Lemma riesz_lemma C W w0 : is_subspace C -> norm_closed C -> is_subspace W ->
  C `<=` W -> W w0 -> ~ C w0 ->
  exists w, [/\ W w, `|w| = 1 & forall c, C c -> 1 / 2 < `|w - c|].
Proof.
move=> hC Ccl hW CW Ww0 nCw0.
have /not_adherentP [e e0 He] : ~ adherent C w0 by move=> /Ccl.
pose E := [set `|w0 - c| | c in C].
have E0 : E !=set0 by exists `|w0 - 0|, 0 => //; apply: subspace0.
have Elb : has_lbound E by exists 0 => _ [c _ <-].
have D0 : 0 < inf E.
  by apply: lt_le_trans e0 _; apply: lb_le_inf => // _ [c Cc <-]; apply/ltW/He.
have [_ [c0 Cc0 <-] N2D] : exists2 x, E x & x < 2 * inf E.
  by apply: inf_lt => //; lra.
set N := `|w0 - c0| in N2D *.
have N0 : 0 < N by apply: lt_le_trans D0 _; apply: ge_inf => //; exists c0.
exists (N^-1 *: (w0 - c0)); split.
- by apply: subspaceZ => //; apply: subspaceB => //; apply: CW.
- by rewrite normrZ normfV normr_id mulVf ?gt_eqF.
move=> c Cc; have Nc : C (c0 + N *: c) by apply: subspaceD => //; apply: subspaceZ.
have -> : N^-1 *: (w0 - c0) - c = N^-1 *: (w0 - (c0 + N *: c)).
  by rewrite opprD addrA [RHS]scalerBr scalerA mulVf ?gt_eqF // scale1r.
rewrite normrZ normfV (gtr0_norm N0) [_ * `|_|]mulrC ltr_pdivlMr //.
have : inf E <= `|w0 - (c0 + N *: c)| by apply: ge_inf => //; exists (c0 + N *: c).
by lra.
Qed.

Lemma finite_codimP Z : finite_codim Z ->
  exists n (v : nat -> V), forall y, exists2 z, Z z & vspan n v (y - z).
Proof.
move=> [_ [n [v Hv]]]; pose ext T (x0 : T) (h : 'I_n -> T) k :=
  if @insub nat (fun k => (k < n)%N) 'I_n k is Some i then h i else x0.
exists n, (ext _ 0 v) => y; have [a [z [Zz ->]]] := Hv y.
exists z => //; exists (ext _ 0 a); rewrite [z + _]addrC addrK.
by apply: eq_bigr => i _; rewrite /ext valK.
Qed.

Section InfiniteDimensional.
Hypothesis hV : infinite_dimensional V.

Lemma not_vspan m v : exists y, ~ vspan m v y.
Proof.
have [y ny] := hV (fun i : 'I_m => v i).
by exists y => -[a ya]; apply: ny; exists (fun i => a i).
Qed.

Lemma finite_codim_not_sub_vspan Z m v : finite_codim Z ->
  exists2 z, Z z & ~ vspan m v z.
Proof.
move=> /finite_codimP [n [v' Zv']]; apply: contrapT => Zv.
have [x nx] := not_vspan (m + n) (fun k => if (k < m)%N then v k else v' (k - m)%N).
have [z Zz xz] := Zv' x; apply: nx; rewrite -(subrK z x) addrC.
by apply: vspan_cat _ xz; apply: contrapT => nz; apply: Zv; exists z.
Qed.

Lemma finite_codim_unit Z : finite_codim Z -> exists2 z, Z z & `|z| = 1.
Proof.
move=> hZ; have [z Zz] := finite_codim_not_sub_vspan 0 (fun=> 0) hZ.
rewrite vspan0 => /eqP z0; exists (`|z|^-1 *: z); first exact: subspaceZ hZ.1 Zz.
by rewrite normrZ normfV normr_id mulVf // normr_eq0.
Qed.

Lemma separated_unit_seq W : finite_codim W ->
  exists w : nat -> V, (forall k, W (w k) /\ `|w k| = 1) /\
    (forall k l, k <> l -> 1 / 2 < `|w k - w l|).
Proof.
move=> hW; have hWs := hW.1.
have step (s : seq V) : exists w,
    (forall i, (i < size s)%N -> W (nth 0 s i)) ->
    [/\ W w, `|w| = 1 & forall c, vspan (size s) (nth 0 s) c -> 1 / 2 < `|w - c|].
  have [Ws|nWs] := pselect (forall i, (i < size s)%N -> W (nth 0 s i)).
    have [w0 Ww0 nw0] := finite_codim_not_sub_vspan (size s) (nth 0 s) hW.
    have [w Hw] := riesz_lemma (vspan_subspace _ _) (@vspan_closed (size s) (nth 0 s))
      hWs (vspan_sub hWs Ws) Ww0 nw0.
    by exists w.
  by exists 0 => /nWs.
have [nx Hnx] := choice step.
pose ws n := iter n (fun s => rcons s (nx s)) [::].
have size_ws n : size (ws n) = n by elim: n => //= n IH; rewrite size_rcons IH.
have nth_ws n i : (i < n)%N -> nth 0 (ws n) i = nx (ws i).
  elim: n => // n IH; rewrite /= nth_rcons size_ws ltnS leq_eqVlt.
  by case/orP=> [/eqP ->|lt]; rewrite ?ltnn ?eqxx // lt IH.
have Hws k : forall i, (i < size (ws k))%N -> W (nth 0 (ws k) i).
  elim/ltn_ind: k => k IH i; rewrite size_ws => ik; rewrite nth_ws //.
  by have [] := Hnx (ws i) (IH i ik).
exists (fun k => nx (ws k)); split=> [k|k l kl].
  by have [] := Hnx (ws k) (Hws k).
suff sep_lt i j : (j < i)%N -> 1 / 2 < `|nx (ws i) - nx (ws j)|.
  case: (ltngtP l k) => [lk|kl'|e]; first exact: sep_lt.
    by rewrite distrC; apply: sep_lt.
  by case: kl.
move=> ji; have [_ _] := Hnx (ws i) (Hws i); apply.
by rewrite -(nth_ws i) //; apply: vspan_mem; rewrite size_ws.
Qed.

End InfiniteDimensional.

End Subspaces.

(** * Pigeonhole modulo a finite-codimensional subspace *)

Section Pigeonhole.
Variable R : realType.

Definition cofinal (I : set nat) := forall N, exists2 k, (N <= k)%N & I k.

Lemma cofinal_pigeon_nat N (h : nat -> nat) I : cofinal I ->
  (forall k, I k -> (h k <= N)%N) -> exists j, cofinal [set k | I k /\ h k = j].
Proof.
elim: N I => [|N IH] I hI hN.
  exists 0%N => M; have [k Mk Ik] := hI M; exists k => //; split => //.
  by apply/eqP; rewrite -leqn0; apply: hN.
have [|] := pselect (cofinal [set k | I k /\ h k = N.+1]); first by exists N.+1.
move=> ncof; have [M nM] : exists M, forall k, (M <= k)%N -> I k -> h k <> N.+1.
  apply: contrapT => nM; apply: ncof => M; apply: contrapT => nk; apply: nM.
  by exists M => k Mk Ik hk; apply: nk; exists k.
have [||j hj] := IH [set k | (M <= k)%N /\ I k].
- move=> P; have [k Pk Ik] := hI (maxn P M); rewrite geq_max in Pk.
  by case/andP: Pk => Pk Mk; exists k.
- move=> k [Mk Ik]; have := hN k Ik; rewrite leq_eqVlt ltnS => /orP[/eqP hk|//].
  by case: (nM k).
by exists j => P; have [k Pk [[_ Ik] hk]] := hj P; exists k.
Qed.

Lemma cofinal_pigeon_real I (b : nat -> R) A del : cofinal I ->
  (forall k, I k -> `|b k| <= A) -> 0 < del ->
  exists I', [/\ I' `<=` I, cofinal I' &
    forall k l, I' k -> I' l -> `|b k - b l| <= del].
Proof.
move=> hI hA del0; pose x k := (b k + A) / del.
have x0 k : I k -> 0 <= x k.
  move=> Ik; apply: divr_ge0; last exact: ltW.
  by have := hA k Ik; rewrite ler_norml => /andP[? ?]; lra.
have [|j hj] :=
  @cofinal_pigeon_nat (Num.truncn ((A + A) / del)) (fun k => Num.truncn (x k)) I hI.
  move=> k Ik; apply: le_truncn; apply: ler_wpM2r; first by rewrite invr_ge0 ltW.
  by have := hA k Ik; rewrite ler_norml => /andP[? ?]; lra.
exists [set k | I k /\ Num.truncn (x k) = j]; split => [k []//|//|k l [Ik hk] [Il hl]].
have : `|x k - x l| <= 1.
  have := truncn_itv (x0 _ Ik); have := truncn_itv (x0 _ Il); rewrite hk hl.
  have -> : (j.+1%:R : R) = j%:R + 1 by rewrite -addn1 natrD.
  by move=> /andP[? ?] /andP[? ?]; rewrite ler_norml; apply/andP; split; lra.
rewrite /x -mulrBl [b l + A]addrC addrKA normrM normfV (gtr0_norm del0).
by rewrite ler_pdivrMr // mul1r.
Qed.

End Pigeonhole.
===============
§ What is expected
The reply should hold only the lines from the beginning of the listing to the line with "pose E := [set", both ends included, unchanged.

§ Completed task
Lemma riesz_lemma C W w0 : is_subspace C -> norm_closed C -> is_subspace W ->
  C `<=` W -> W w0 -> ~ C w0 ->
  exists w, [/\ W w, `|w| = 1 & forall c, C c -> 1 / 2 < `|w - c|].
Proof.
move=> hC Ccl hW CW Ww0 nCw0.
have /not_adherentP [e e0 He] : ~ adherent C w0 by move=> /Ccl.
pose E := [set `|w0 - c| | c in C].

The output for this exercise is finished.